▶ **DATA FOR THIS EXERCISE**:
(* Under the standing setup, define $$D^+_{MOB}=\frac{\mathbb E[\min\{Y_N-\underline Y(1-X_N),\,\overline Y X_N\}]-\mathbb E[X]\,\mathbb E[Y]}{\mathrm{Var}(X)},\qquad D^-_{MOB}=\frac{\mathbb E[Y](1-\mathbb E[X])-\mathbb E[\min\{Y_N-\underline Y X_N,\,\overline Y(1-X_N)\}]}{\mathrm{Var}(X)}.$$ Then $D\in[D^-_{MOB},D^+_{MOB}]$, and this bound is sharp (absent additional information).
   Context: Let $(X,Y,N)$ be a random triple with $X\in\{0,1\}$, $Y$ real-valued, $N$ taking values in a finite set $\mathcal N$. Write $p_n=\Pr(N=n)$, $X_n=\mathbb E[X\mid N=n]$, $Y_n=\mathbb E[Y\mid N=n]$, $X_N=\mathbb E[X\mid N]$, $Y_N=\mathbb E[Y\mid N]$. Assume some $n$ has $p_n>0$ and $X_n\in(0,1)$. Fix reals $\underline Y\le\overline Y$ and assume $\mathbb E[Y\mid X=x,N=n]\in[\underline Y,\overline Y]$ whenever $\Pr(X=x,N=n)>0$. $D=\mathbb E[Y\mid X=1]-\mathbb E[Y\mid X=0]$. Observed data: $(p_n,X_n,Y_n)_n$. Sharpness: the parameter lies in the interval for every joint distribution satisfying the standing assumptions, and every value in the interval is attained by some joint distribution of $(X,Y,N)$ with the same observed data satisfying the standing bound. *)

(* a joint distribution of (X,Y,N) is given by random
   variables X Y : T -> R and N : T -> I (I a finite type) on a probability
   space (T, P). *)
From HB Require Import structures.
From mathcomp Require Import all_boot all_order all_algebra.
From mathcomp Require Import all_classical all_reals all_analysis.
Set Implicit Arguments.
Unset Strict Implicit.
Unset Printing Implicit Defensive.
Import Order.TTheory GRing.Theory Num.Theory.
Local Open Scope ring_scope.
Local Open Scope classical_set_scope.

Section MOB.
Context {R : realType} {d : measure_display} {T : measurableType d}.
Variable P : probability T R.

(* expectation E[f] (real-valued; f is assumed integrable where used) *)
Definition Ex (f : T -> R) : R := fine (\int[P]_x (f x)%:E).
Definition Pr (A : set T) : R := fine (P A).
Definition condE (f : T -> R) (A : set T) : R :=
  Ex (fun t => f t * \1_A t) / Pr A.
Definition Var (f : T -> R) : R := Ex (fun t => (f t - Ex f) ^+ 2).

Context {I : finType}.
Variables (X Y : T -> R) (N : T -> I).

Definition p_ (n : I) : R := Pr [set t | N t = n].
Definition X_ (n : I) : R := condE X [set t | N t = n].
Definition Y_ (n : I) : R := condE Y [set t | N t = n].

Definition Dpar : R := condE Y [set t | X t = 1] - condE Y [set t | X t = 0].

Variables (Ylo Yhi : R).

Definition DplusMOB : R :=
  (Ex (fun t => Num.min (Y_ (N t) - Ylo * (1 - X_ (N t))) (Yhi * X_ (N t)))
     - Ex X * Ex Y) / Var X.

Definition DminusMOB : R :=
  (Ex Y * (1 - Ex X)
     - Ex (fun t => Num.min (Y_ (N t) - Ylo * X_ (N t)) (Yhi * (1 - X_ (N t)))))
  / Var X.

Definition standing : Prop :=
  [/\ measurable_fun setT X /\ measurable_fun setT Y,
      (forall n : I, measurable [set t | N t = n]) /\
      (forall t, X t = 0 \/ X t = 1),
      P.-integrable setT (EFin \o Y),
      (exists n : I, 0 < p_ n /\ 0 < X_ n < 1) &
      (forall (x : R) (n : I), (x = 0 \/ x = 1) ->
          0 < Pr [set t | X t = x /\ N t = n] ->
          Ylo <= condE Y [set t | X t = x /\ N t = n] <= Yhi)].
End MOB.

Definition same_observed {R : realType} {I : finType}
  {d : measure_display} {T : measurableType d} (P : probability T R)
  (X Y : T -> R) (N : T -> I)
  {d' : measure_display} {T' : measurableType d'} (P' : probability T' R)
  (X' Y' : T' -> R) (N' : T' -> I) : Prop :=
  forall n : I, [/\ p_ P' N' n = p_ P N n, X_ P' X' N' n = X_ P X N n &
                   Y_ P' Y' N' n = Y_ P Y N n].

▶ **REQUIRED ACTION**:
Find the string "Scope" in the entries above. Copy each line where it occurs.

▶ **SOLUTION TO THIS TASK**:
Local Open Scope ring_scope.
Local Open Scope classical_set_scope.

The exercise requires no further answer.